Gray Matter (2023) Review
Do you remember a reality show called Project Greenlight? Filmmakers would vie to get their films approved and the show would document the filming. The only film it produced that I remember was Feast. But somebody must have liked it because it’s been rebooted as Project Greenlight: A New Generation and Gray Matter is the first film the new version has spawned.
Ayla (Jessica Frances Dukes, Organ Trail, Ozark) is planting bombs on a building when one of her co-conspirators pleads with her to wait, but before that can go any farther the cops show up. After a brief chase, they’re cornered and Alya suddenly reveals she has telekinetic powers and kills the cops. That’s followed by text giving us the definition of Psionic, a person with psychic abilities. We’re also told their existence remains a secret.

Fifteen years later Ayla is still in hiding, she also has a 16-year-old daughter Aurora (Mia Isaac, Don’t Make Me Go, Not OK) who has inherited her mother’s powers. Her mother keeps her out of sight, homeschooling her, teaching her to use her powers, and forbidding her to leave the house or make friends. Of course that isn’t going to stop a teen, and she sneaks out only to very publicly lose control of her powers.
This attracts the attention of Derek (Garret Dillahunt, Army of the Dead, Braven), who happens to be a government agent and she ends up in what he claims is a “school for young people like herself”place designed for people like us”. But you’ll be excused if you don’t believe he’s the next Professor X, even if he has a shaved head.
If this sounds like a mashup of The X-Men, Firestarter, and Carrie you’re not far wrong. Gray Matter feels like the results of a focus group study on creating a superhero franchise. There’s the troubled teen with mysterious powers, her parent with similar powers and a dark past, and mysterious government agents with hidden agendas toward those with powers. And to cap it all off, there’s some hidden history between Ayla and Derek.

Not only is Gray Matter pure, generic Superheroine Origins 101, but it’s also slow, lifeless, and fairly predictable.

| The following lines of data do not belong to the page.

(* Both operations are instances of one exchange move.  Fix q in G^+ and a
   nonnegative vector w with w(q) = 0 whose weight sum_g w(g) g equals q; the
   vector s arises from t by trading a copies of w inside t for a copies of q
   (mu_{h,f}: q = h + f, w = e_h + e_f, a = t(h); mu_h: q = t(h) h,
   w = t(h) e_h, a = 1).  A vertex t is the unique maximizer on T(G, g0) of
   some functional c.  Replacing every copy of q by w (the map subst) keeps
   T(G, g0) and raises c by p(q) times gain = c(w) - c(q); comparing t with s
   gives gain > 0 and t(q) = 0.  The tilted functional c + gain e_q evaluates p
   as c evaluates subst p, so its maximizers on T(G, g0) are the p with
   subst p = t, which are exactly the lattice points of the segment [t, s]:
   hence [t, s] is an edge.  Subtracting e_h, a coordinate that vanishes on
   this segment only at s, leaves s as the unique maximizer: s is a vertex.
   The degenerate case t(h) h = h of mu_h cannot occur at a vertex, since t
   would then be the midpoint of two other points of T(G, g0). *)

From HB Require Import structures.
From mathcomp Require Import all_boot all_order all_algebra.
From mathcomp Require Import ring lra zify.
Set Implicit Arguments. Unset Strict Implicit. Unset Printing Implicit Defensive.
Import Order.TTheory GRing.Theory Num.Theory.
Local Open Scope ring_scope.

Section LinearFunctionalsOnP.
Variables (G : finZmodType) (R : realFieldType) (g0 : G).
Implicit Types (c x : Gp G -> R) (p s t : ivec G) (M : R).

Lemma inP_emb p x : inT g0 p -> (forall g, x g = emb R p g) -> inP g0 x.
Proof.
move=> Tp xp; exists [:: (p, 1)]; split => /=; rewrite ?Tp ?ler01 ?big_seq1 //.
by move=> g; rewrite big_seq1 mul1r xp.
Qed.

Lemma dot_ext c x y : (forall g, x g = y g) -> dot c x = dot c y.
Proof. by move=> xy; apply: eq_bigr => g _; rewrite xy. Qed.

Lemma dot_comb c (s : seq (ivec G * R)) x :
  (forall g, x g = \sum_(e <- s) e.2 * (e.1 g)%:R) ->
  dot c x = \sum_(e <- s) e.2 * dot c (emb R e.1).
Proof.
move=> xE; rewrite /dot.
under eq_bigr do rewrite xE mulr_sumr.
rewrite exchange_big /=; apply: eq_bigr => e _; rewrite mulr_sumr.
by apply: eq_bigr => g _; rewrite /emb mulrCA.
Qed.

Lemma dot_inP_le c M x :
  (forall p, inT g0 p -> dot c (emb R p) <= M) -> inP g0 x -> dot c x <= M.
Proof.
move=> bound [s [Ts s_ge0 s_sum xE]]; rewrite (dot_comb c xE).
apply: (@le_trans _ _ (\sum_(e <- s) e.2 * M)); last first.
  by rewrite -mulr_suml s_sum mul1r.
rewrite !big_seq; apply: ler_sum => e es.
by apply: ler_wpM2l; [exact: (allP s_ge0) | apply/bound/(allP Ts)].
Qed.

Lemma maximizing_comb c M (s : seq (ivec G * R)) x :
  (forall p, inT g0 p -> dot c (emb R p) <= M) ->
  all (fun e => inT g0 e.1) s -> all (fun e => 0 <= e.2) s ->
  \sum_(e <- s) e.2 = 1 -> (forall g, x g = \sum_(e <- s) e.2 * (e.1 g)%:R) ->
  M <= dot c x -> forall e, e \in s -> e.2 = 0 \/ dot c (emb R e.1) = M.
Proof.
move=> bound Ts s_ge0 s_sum xE Mx.
pose gap e := e.2 * (M - dot c (emb R e.1)).
have gap_ge0 e : e \in s -> 0 <= gap e.
  move=> es; rewrite mulr_ge0 ?(allP s_ge0) // subr_ge0.
  exact/bound/(allP Ts).
have gap_sum : \sum_(e <- s) gap e = M - dot c x.
  rewrite (dot_comb c xE) -(mul1r M) -s_sum mulr_suml -sumrB.
  by apply: eq_bigr => e _; rewrite /gap mulrBr.
have gaps0 : \sum_(e <- s) gap e = 0.
  apply/eqP; rewrite eq_le {1}gap_sum subr_le0 Mx /= big_seq.
  by apply: sumr_ge0 => e; apply: gap_ge0.
move=> e es; have /eqP : gap e = 0.
  move/eqP: gaps0; rewrite big_seq psumr_eq0; last exact: gap_ge0.
  by move=> /allP /(_ e es); rewrite es => /eqP.
by rewrite mulf_eq0 subr_eq0 => /orP[/eqP|/eqP]; [left | right].
Qed.

Lemma vertex_of_unique_maximizer c M s :
  inT g0 s -> dot c (emb R s) = M ->
  (forall p, inT g0 p -> dot c (emb R p) <= M) ->
  (forall p, inT g0 p -> dot c (emb R p) = M -> forall g, p g = s g) ->
  is_vertex g0 (emb R s).
Proof.
move=> Ts cs bound unique; exists c => x; split.
  case=> [[q [Tq q_ge0 q_sum xE]] xmax].
  have Mx : M <= dot c x by rewrite -cs; apply/xmax/(inP_emb Ts).
  have qmax := maximizing_comb bound Tq q_ge0 q_sum xE Mx.
  move=> g; rewrite xE /emb -[(s g)%:R]mul1r -q_sum mulr_suml !big_seq.
  apply: eq_bigr => e qe; case: (qmax e qe) => [-> | ce]; first by rewrite !mul0r.
  by rewrite (unique _ (allP Tq e qe) ce).
move=> xs; split; last first.
  by move=> y Py; rewrite (dot_ext c xs) cs; exact: dot_inP_le Py.
exact: inP_emb xs.
Qed.

Lemma adjacent_of_segment_maximizers c M t s (J : ivec G -> R) :
  inT g0 t -> inT g0 s -> (exists g, t g != s g) ->
  (forall p, inT g0 p -> dot c (emb R p) <= M) ->
  dot c (emb R t) = M -> dot c (emb R s) = M ->
  (forall p, inT g0 p -> dot c (emb R p) = M ->
     [/\ 0 <= J p, J p <= 1 &
         forall g, (p g)%:R = (1 - J p) * (t g)%:R + J p * (s g)%:R]) ->
  adjacent g0 (emb R t) (emb R s).
Proof.
move=> Tt Ts [g1 tsg1] bound ct cs segment; split.
  by exists g1; rewrite /emb eqr_nat.
exists c => x; split.
  case=> [[q [Tq q_ge0 q_sum xE]] xmax].
  have Mx : M <= dot c x by rewrite -ct; apply/xmax/(inP_emb Tt).
  have qmax := maximizing_comb bound Tq q_ge0 q_sum xE Mx.
  pose Jx := \sum_(e <- q) e.2 * J e.1.
  have termE e : e \in q -> [/\ 0 <= e.2 * J e.1, e.2 * J e.1 <= e.2 & forall g,
      e.2 * (e.1 g)%:R = e.2 * ((1 - J e.1) * (t g)%:R + J e.1 * (s g)%:R)].
    move=> qe; case: (qmax e qe) => [-> | ce]; first by split=> [||g]; rewrite !mul0r.
    have [J0 J1 eE] := segment _ (allP Tq e qe) ce.
    have e2 := allP q_ge0 e qe.
    by split; [rewrite mulr_ge0 | rewrite -[X in _ <= X]mulr1 ler_wpM2l | move=> g; rewrite eE].
  have Jx0 : 0 <= Jx by rewrite /Jx big_seq sumr_ge0 // => e /termE[].
  have Jx1 : Jx <= 1.
    by rewrite -q_sum /Jx !big_seq; apply: ler_sum => e /termE[].
  exists (1 - Jx); split; [lra | lra | move=> g].
  have -> : x g = \sum_(e <- q) e.2 * ((1 - J e.1) * (t g)%:R + J e.1 * (s g)%:R).
    by rewrite xE !big_seq; apply: eq_bigr => e /termE[_ _ ->].
  have weight_t : \sum_(e <- q) e.2 * (1 - J e.1) = 1 - Jx.
    rewrite /Jx -[in RHS]q_sum -sumrB.
    by apply: eq_bigr => e _; rewrite mulrBr mulr1.
  under eq_bigr do rewrite mulrDr !mulrA.
  rewrite big_split /= -!mulr_suml weight_t -/Jx /emb; ring.
case=> lam [lam0 lam1 xE].
have xE' g : x g = \sum_(e <- [:: (t, lam); (s, 1 - lam)]) e.2 * (e.1 g)%:R.
  by rewrite big_cons big_seq1 xE.
split.
  exists [:: (t, lam); (s, 1 - lam)]; split => //=.
  - by rewrite Tt Ts.
  - by rewrite lam0 subr_ge0 lam1.
  - by rewrite big_cons big_seq1 /= addrC subrK.
move=> y Py; rewrite (dot_comb c xE') big_cons big_seq1 /= ct cs.
rewrite -mulrDl addrC subrK mul1r; exact: dot_inP_le bound Py.
Qed.

Definition exposes c t :=
  forall p, inT g0 p -> p != t -> dot c (emb R p) < dot c (emb R t).

Lemma vertex_exposed t : is_vertex g0 (emb R t) -> exists c, exposes c t.
Proof.
case=> c vertex_face; exists c => p Tp pt.
have [_ tmax] := (vertex_face (emb R t)).2 (fun g => erefl).
have cp : dot c (emb R p) <= dot c (emb R t) by apply/tmax/(inP_emb Tp).
rewrite lt_neqAle cp andbT; apply/eqP => cpt.
have pface : on_face g0 c (emb R p).
  by split=> [|y Py]; [exact: inP_emb Tp _ | rewrite cpt; apply: tmax].
move/eqP: pt; apply; apply/ffunP => g.
by have /eqP := (vertex_face _).1 pface g; rewrite /emb eqr_nat => /eqP.
Qed.

Lemma exposed_not_midpoint c t p1 p2 :
  exposes c t -> inT g0 p1 -> inT g0 p2 ->
  (forall g, p1 g + p2 g = 2 * t g)%N -> p1 = t.
Proof.
move=> ct Tp1 Tp2 mid; apply/eqP/negPn/negP => p1t.
have p2t : p2 != t.
  apply/eqP => p2t; move/eqP: p1t; apply; apply/ffunP => g.
  by move: (mid g); rewrite p2t mul2n -addnn => /addIn.
have := ct _ Tp1 p1t; have := ct _ Tp2 p2t.
have -> : dot c (emb R p2) = 2 * dot c (emb R t) - dot c (emb R p1).
  rewrite /dot mulr_sumr -sumrB; apply: eq_bigr => g _.
  rewrite /emb mulrCA -mulrBr -natrM -(mid g) natrD; ring.
lra.
Qed.
End LinearFunctionalsOnP.

Section WeightsAndFunctionals.
Variables (G : finZmodType) (R : realFieldType).
Implicit Types (c : Gp G -> R) (p : ivec G).

Definition weight (w : Gp G -> nat) : G := \sum_(g : Gp G) val g *+ w g.

Definition unit_vec (h : Gp G) (k : nat) : Gp G -> nat :=
  fun g => if g == h then k else 0%N.

Definition realize (w : Gp G -> nat) : Gp G -> R := fun g => (w g)%:R.

Lemma weight_unit h k : weight (unit_vec h k) = val h *+ k.
Proof.
rewrite /weight (bigD1 h) //= /unit_vec eqxx big1 ?addr0 // => g /negbTE ->.
by rewrite mulr0n.
Qed.

Lemma weight_ffun (f : Gp G -> nat) : weight [ffun g => f g] = weight f.
Proof. by apply: eq_bigr => g _; rewrite ffunE. Qed.

Lemma weightD (w1 w2 : Gp G -> nat) :
  weight (fun g => w1 g + w2 g)%N = weight w1 + weight w2.
Proof. by rewrite /weight -big_split; apply: eq_bigr => g _; rewrite mulrnDr. Qed.

Lemma weight_scale k (w : Gp G -> nat) :
  weight (fun g => k * w g)%N = weight w *+ k.
Proof.
by rewrite /weight -sumrMnl; apply: eq_bigr => g _; rewrite mulnC mulrnA.
Qed.

Lemma dot_unit c h k : dot c (realize (unit_vec h k)) = c h * k%:R.
Proof.
rewrite /dot (bigD1 h) //= /realize /unit_vec eqxx big1 ?addr0 // => g /negbTE ->.
by rewrite mulr0.
Qed.

Lemma dot_realizeD c (u v : Gp G -> nat) :
  dot c (realize (fun g => u g + v g)%N) = dot c (realize u) + dot c (realize v).
Proof.
by rewrite /dot -big_split; apply: eq_bigr => g _; rewrite /realize natrD mulrDr.
Qed.

Lemma dot_realizeM c k (u : Gp G -> nat) :
  dot c (realize (fun g => k * u g)%N) = k%:R * dot c (realize u).
Proof.
by rewrite /dot mulr_sumr; apply: eq_bigr => g _; rewrite /realize natrM mulrCA.
Qed.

Aurora proves smarter than the folks running the institution, her mother searches for her, and Derek turns out to be less benevolent than he appears. We’ve seen, and read, it all before.
Apart from the by the numbers plotting, Gray Matters also suffers from another major issue with its script, this one centring around Ayla and her relationship with her daughter. We’re not given any real reason why she was trying to blow up the building, or why she killed those people until literally the closing minutes of the film. That makes it hard to sympathize with her on any level and makes her daughter’s defence of her seem off as well.
The way she treats her daughter, constantly moving, and keeping her isolated with no friends or contacts besides her is also shitty. It’s the same as one of the biggest problems I had with Hellbender, it looks more like a trafficker and their victim than a mother/daughter relationship. And then in both cases the mothers freak when the girl disobeys them out of a sheer need for human contact. Maybe if they had been honest with their daughters and told them the truth of the situation things wouldn’t have gone the way they did in either film.

I haven’t seen the new version of Project Greenlight yet, but from what I’ve read there were problems getting rewrites done on the script as it was going into production. That’s certainly a common enough problem, but one would think, if you got a chance like this you would be making the most of it. But director Meko Winbush, making her first feature after a couple of shorts, and writer Philip Gelatt (The Spine of the Night, They Remain) come up well short, and it would have taken more than a few rewrites to fix the problems with Gray Matter’s script.
The result while not as horrible as it could have been is a dull slog that makes eighty-seven minutes seem like twice as long. Maybe it should have been worse, then I might at least have gotten some unintentional laughs out of it.
Gray Matter and Project Greenlight: A New Generation are available to stream on Max where available. If you’re looking for something similar, but hopefully better, FilmTagger can suggest a few titles.
I thought it was excellent and you denoted a good mash up
It would have been a good mashup if it had been done better, glad you liked it though.
Wish it was a tv show..
I want a sequel!! Stop trashing movies and shows about what we want!!!! Gifted people are ALWAYS going to be hit movies with the people that enjoy that genre!!!! MORE PLEASE!!!! Listen to the people who want these movies and not ones that get paid to bitch about them!!!